### WHAT YOU HAVE TO DO
Some lines in the entries contain the word "Unset". Copy all of them.
Segment Start: THE DATA
(* Let $r\ge1$, $n$ be integers and let $\sigma:\mathbb{Z}_n\to\{0,1\}$ be a weakly stable configuration. Then every block $[i,j]\in B(\sigma)$ has length $|[i,j]|\le r$.
   Context: Cells are elements of $\mathbb{Z}_n$, arithmetic mod $n$; $[a,b]$ denotes the cyclic interval $a,\dots,b$. The majority rule with radius $r$: $\mathrm{maj}_r(\sigma)(i)=0$ if among the cells of $[i-r,i+r]$ strictly more have value $0$ than $1$ under $\sigma$, and $=1$ otherwise. $\sigma$ is temporally periodic if $\mathrm{maj}_r(\mathrm{maj}_r(\sigma))=\sigma$. For $\beta\in\{0,1\}$, $B^\beta(\sigma)$ is the set of cell intervals $[i,j]$ with $\sigma(k)=\beta$ for all $k\in[i,j]$ and $\sigma(i-1)=\sigma(j+1)=1-\beta$; $B(\sigma)=B^0(\sigma)\cup B^1(\sigma)$. A configuration is strongly stable if every block in $B(\sigma)$ has length at least $r+1$ (equivalently, it has the form $(0^{r+1}0^*+1^{r+1}1^* )^*$), and weakly stable if it is temporally periodic and not strongly stable. *)

From mathcomp Require Import all_boot all_order all_algebra.
Set Implicit Arguments. Unset Strict Implicit. Unset Printing Implicit Defensive.
Import GRing.Theory Num.Theory.

(* A configuration on Z_n: cells are 'I_n (identified with Z_n). *)
Definition config (n : nat) := 'I_n -> bool.

Definition cell (n : nat) (s : config n) (k : int) : bool :=
  match insub (absz (k %% (n : int))%Z) with
  | Some i => s i
  | None => false
  end.

Definition maj (n r : nat) (s : config n) : config n :=
  fun i =>
    let w := [seq cell s ((i : int) - (r : int) + (Posz t))%R | t : nat <- iota 0 (2 * r + 1)%N] in
    ~~ (count (fun b => ~~ b) w > count id w)%N.

Definition temporally_periodic (n r : nat) (s : config n) : Prop :=
  forall i, maj r (maj r s) i = s i.

Definition ilen (n : nat) (i j : 'I_n) : nat :=
  (absz (((j : int) - (i : int)) %% (n : int))%Z).+1.

Definition is_block (n : nat) (s : config n) (beta : bool) (i j : 'I_n) : Prop :=
  (forall t, (t < ilen i j)%N -> cell s ((i : int) + (t : int))%R = beta) /\
  cell s ((i : int) - 1)%R = ~~ beta /\
  cell s ((j : int) + 1)%R = ~~ beta.

Definition in_B (n : nat) (s : config n) (i j : 'I_n) : Prop :=
  exists beta, is_block s beta i j.

Definition strongly_stable (n r : nat) (s : config n) : Prop :=
  forall i j : 'I_n, in_B s i j -> (r.+1 <= ilen i j)%N.

Definition weakly_stable (n r : nat) (s : config n) : Prop :=
  temporally_periodic r s /\ ~ strongly_stable r s.

From mathcomp Require Import all_boot all_order all_algebra.
From mathcomp Require Import zify.
Set Implicit Arguments.
Unset Strict Implicit.
Unset Printing Implicit Defensive.
Import GRing.Theory Num.Theory.

(* A cell x is in a long run if it lies in r+1 consecutive cells of equal
   value.  The window of every cell of a long run of b's contains r+1 b's, so
   maj_r fixes long runs.  If sigma = maj_r (maj_r sigma) and x is in a long
   run of b's, so is x+1: otherwise x ends its run, sigma(x+1) = ~b and some
   cell among x+2, ..., x+r+1 is b; then the window of x+1 holds r+1 b's, so
   maj_r sigma has a long run of b's ending at x+1, which maj_r fixes, giving
   sigma(x+1) = b.  Around the cycle, a block longer than r thus puts every
   cell in a long run, which no block of length at most r allows; and weak
   stability provides such a short block. *)

Lemma neq_negb (b c : bool) : c != b -> c = ~~ b.
Proof. by case: b; case: c. Qed.

Lemma negb_neq_self (b : bool) : ~~ b <> b.
Proof. by case: b. Qed.

Local Open Scope ring_scope.

Section Runs.
Variables (n r : nat).

Lemma cell_modz (s : config n) (a b : int) :
  (a %% n)%Z = (b %% n)%Z -> cell s a = cell s b.
Proof. by rewrite /cell => ->. Qed.

Lemma cell_shift (s : config n) (a b c : int) :
  (a %% n)%Z = (b %% n)%Z -> cell s (a + c) = cell s (b + c).
Proof. by move=> eq_ab; apply: cell_modz; rewrite -modzDml eq_ab modzDml. Qed.

Lemma eq_cell (s1 s2 : config n) (a : int) :
  s1 =1 s2 -> cell s1 a = cell s2 a.
Proof. by move=> eq_s; rewrite /cell; case: insubP. Qed.

Definition window (s : config n) (x : int) : seq bool :=
  [seq cell s (x - r%:Z + t%:Z) | t <- iota 0 (2 * r + 1)].

Lemma cell_maj (s : config n) (x : int) :
  cell (maj r s) x = ~~ (count negb (window s x) > count id (window s x))%N.
Proof.
rewrite /cell; case: insubP => [i _ val_i|out_of_range].
  have n_gt0 : (0 < n)%N := leq_ltn_trans (leq0n i) (ltn_ord i).
  rewrite /maj /window; set w := map _ _; set w' := map _ _.
  suff -> : w = w' by [].
  apply: eq_map => t; apply: cell_modz.
  rewrite val_i gez0_abs; last by apply: modz_ge0; lia.
  by rewrite -addrA modzDml addrA.
have n0 : n = 0%N by case: n s out_of_range => // n' s /negP []; lia.
have cell0 t : cell s t = false.
  rewrite /cell; case: insubP => // i _ _; exfalso; have := ltn_ord i; lia.
rewrite /window; under eq_map do rewrite cell0.
rewrite !count_map (@eq_count _ (preim _ id) pred0) //.
rewrite (@eq_count _ (preim _ negb) predT) //.
by rewrite count_pred0 count_predT size_iota addn1.
Qed.

Lemma cell_maj_majority (s : config n) (x : int) (b : bool) (ts : seq nat) :
  uniq ts -> size ts = r.+1 ->
  (forall t, t \in ts -> (t <= 2 * r)%N /\ cell s (x - r%:Z + t%:Z) = b) ->
  cell (maj r s) x = b.
Proof.
move=> uniq_ts size_ts ts_b.
have major : (r < count (pred1 b) (window s x))%N.
  rewrite count_map -size_filter -size_ts.
  apply: uniq_leq_size => // t /ts_b[t_le t_b].
  by rewrite mem_filter /= t_b eqxx mem_iota; apply/andP; split; lia.
have total : (count id (window s x) + count negb (window s x) = 2 * r + 1)%N.
  by rewrite (count_predC id) size_map size_iota.
rewrite cell_maj; case: b {ts_b} major => major.
  by rewrite (@eq_count _ _ id) in major; [lia | case].
by rewrite (@eq_count _ _ negb) in major; [apply/negP; lia | case].
Qed.

Definition run (s : config n) (q : int) (b : bool) : bool :=
  all (fun t => cell s (q + t%:Z) == b) (iota 0 r.+1).

Lemma runP (s : config n) (q : int) (b : bool) :
  reflect (forall t, (t <= r)%N -> cell s (q + t%:Z) = b) (run s q b).
Proof.
apply: (iffP allP) => run_q t; rewrite ?mem_iota => t_le; apply/eqP.
  by apply: run_q; rewrite mem_iota.
by apply: run_q; lia.
Qed.

Lemma run_cell (s : config n) (q x : int) (b : bool) :
  run s q b -> q <= x <= q + r%:Z -> cell s x = b.
Proof.
move=> /runP run_q x_in; rewrite -(run_q (absz (x - q))); last lia.
by congr (cell _ _); lia.
Qed.

Lemma maj_run (s : config n) (q x : int) (b : bool) :
  run s q b -> q <= x <= q + r%:Z -> cell (maj r s) x = b.
Proof.
move=> run_q x_in.
apply: (@cell_maj_majority _ _ _ (iota (absz (q - x + r%:Z)) r.+1)).
- exact: iota_uniq.
- exact: size_iota.
move=> t; rewrite mem_iota => t_in; split; first lia.
by apply: (run_cell run_q); lia.
Qed.

Lemma maj_run_succ (s : config n) (q : int) (b : bool) (t1 : nat) :
  run s q b -> (0 < t1 <= r)%N -> cell s (q + r%:Z + 1 + t1%:Z) = b ->
  run (maj r s) (q + 1) b.
Proof.
move=> run_q t1_in t1_b.
have maj_next : cell (maj r s) (q + r%:Z + 1) = b.
  apply: (@cell_maj_majority _ _ _ ((r + t1)%N :: iota 0 r)).
  - by rewrite /= iota_uniq mem_iota; apply/negP; lia.
  - by rewrite /= size_iota.
  move=> t; rewrite inE mem_iota => /orP[/eqP->|t_lt]; split; try lia.
    by rewrite -t1_b; congr (cell _ _); lia.
  by apply: (run_cell run_q); lia.
apply/runP => t t_le.
have [t_lt|->] : (t < r)%N \/ t = r by lia.
  by apply: (maj_run run_q); lia.
by rewrite -maj_next; congr (cell _ _); lia.
Qed.

Definition in_long_run (s : config n) (x : int) : Prop :=
  exists2 q, q <= x <= q + r%:Z & run s q (cell s x).

Lemma in_long_run_succ (s : config n) (x : int) :
  temporally_periodic r s -> in_long_run s x -> in_long_run s (x + 1).
Proof.
move=> periodic [q x_in]; move: (cell s x) => b run_q.
have [x_lt|x_end] : x < q + r%:Z \/ x = q + r%:Z by lia.
  by exists q; [lia | rewrite (run_cell run_q) //; lia].
subst x; have [next_b|/neq_negb next_nb] := eqVneq (cell s (q + r%:Z + 1)) b.
  exists (q + 1); first lia.
  rewrite next_b; apply/runP => t t_le.
  have [t_lt|->] : (t < r)%N \/ t = r by lia.
    by apply: (run_cell run_q); lia.
  by rewrite -next_b; congr (cell _ _); lia.
have [run_next|] := boolP (run s (q + r%:Z + 1) (~~ b)).
  by exists (q + r%:Z + 1); [lia | rewrite next_nb].
case/allPn => t1; rewrite mem_iota => t1_le /neq_negb; rewrite negbK.
case: t1 t1_le => [_|t1 t1_le t1_b].
  by rewrite addr0 next_nb => /negb_neq_self.
have t1_in : (0 < t1.+1 <= r)%N by lia.
have next_in : q + 1 <= q + r%:Z + 1 <= q + 1 + r%:Z by lia.
move: (maj_run (maj_run_succ run_q t1_in t1_b) next_in).
by rewrite (eq_cell _ periodic) next_nb => /negb_neq_self.
Qed.

Lemma in_long_run_addn (s : config n) (x : int) (k : nat) :
  temporally_periodic r s -> in_long_run s x -> in_long_run s (x + k%:Z).
Proof.
move=> periodic long_x; elim: k => [|k IHk]; first by rewrite addr0.
by rewrite -addn1 PoszD addrA; apply: in_long_run_succ.
Qed.

Lemma in_long_run_modz (s : config n) (x y : int) :
  (x %% n)%Z = (y %% n)%Z -> in_long_run s x -> in_long_run s y.
Proof.
move=> eq_xy [q x_in /runP run_q]; exists (y + (q - x)); first lia.
apply/runP => t t_le.
rewrite -addrA (cell_shift s _ (esym eq_xy)) (cell_modz s (esym eq_xy)).
rewrite -(run_q t t_le).
by congr (cell _ _); lia.
Qed.

Lemma in_long_run_everywhere (s : config n) (x : int) :
  (0 < n)%N -> temporally_periodic r s -> in_long_run s x ->
  forall y, in_long_run s y.
Proof.
move=> n_gt0 periodic long_x y; set k := absz ((y - x) %% n)%Z.
apply: (@in_long_run_modz _ (x + k%:Z)); last exact: in_long_run_addn.
rewrite /k gez0_abs; last by apply: modz_ge0; lia.
by rewrite modzDmr addrC subrK.
Qed.

Lemma ilen_modz (i j : 'I_n) :
  ((i%:Z + (ilen i j)%:Z) %% n)%Z = ((j%:Z + 1) %% n)%Z.
Proof.
have n_gt0 : (0 < n)%N := leq_ltn_trans (leq0n i) (ltn_ord i).
have mod_ge0 : 0 <= ((j%:Z - i%:Z) %% n)%Z by apply: modz_ge0; lia.
rewrite /ilen -addn1 PoszD gez0_abs // addrA [i%:Z + _]addrC -addrA modzDml.
by congr (_ %% _)%Z; lia.
Qed.

Lemma is_block_cell (s : config n) (b : bool) (i j : 'I_n) :
  is_block s b i j -> cell s i%:Z = b.
Proof. by case=> [/(_ 0%N isT)]; rewrite addr0. Qed.

Lemma long_block_in_long_run (s : config n) (b : bool) (i j : 'I_n) :
  is_block s b i j -> (r < ilen i j)%N -> in_long_run s i.
Proof.
move=> blk long; exists i%:Z; first lia.
rewrite (is_block_cell blk); apply/runP => t t_le.
by case: blk => in_blk _; apply: in_blk; lia.
Qed.

Lemma short_block_not_in_long_run (s : config n) (b : bool) (i j : 'I_n) :
  is_block s b i j -> (ilen i j <= r)%N -> ~ in_long_run s i.
Proof.
move=> blk short [q i_in]; rewrite (is_block_cell blk) => /runP run_q.
case: blk => _ [before after]; apply: (@negb_neq_self b).
have [q_lt|q_eq] : q < i%:Z \/ q = i%:Z by lia.
  rewrite -before -(run_q (absz (i%:Z - 1 - q)%R)); last lia.
  by congr (cell _ _); lia.
by rewrite -after -(cell_modz s (ilen_modz i j)) -q_eq; apply: run_q.
Qed.

End Runs.

Theorem corollary1 (r n : nat) (s : config n) :
  (1 <= r)%N -> weakly_stable r s ->
  forall i j : 'I_n, in_B s i j -> (ilen i j <= r)%N.
Proof.
move=> _ [periodic not_strong] i j [b blk].
have n_gt0 : (0 < n)%N := leq_ltn_trans (leq0n i) (ltn_ord i).
rewrite leqNgt; apply/negP => long; apply: not_strong => i0 j0 [b0 blk0].
rewrite ltnNge; apply/negP => short0.
apply: short_block_not_in_long_run blk0 short0 _.
exact: in_long_run_everywhere n_gt0 periodic (long_block_in_long_run blk long) _.
Qed.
Segment End: THE DATA
### WRITTEN ANSWER
Set Implicit Arguments. Unset Strict Implicit. Unset Printing Implicit Defensive.
Unset Strict Implicit.
Unset Printing Implicit Defensive.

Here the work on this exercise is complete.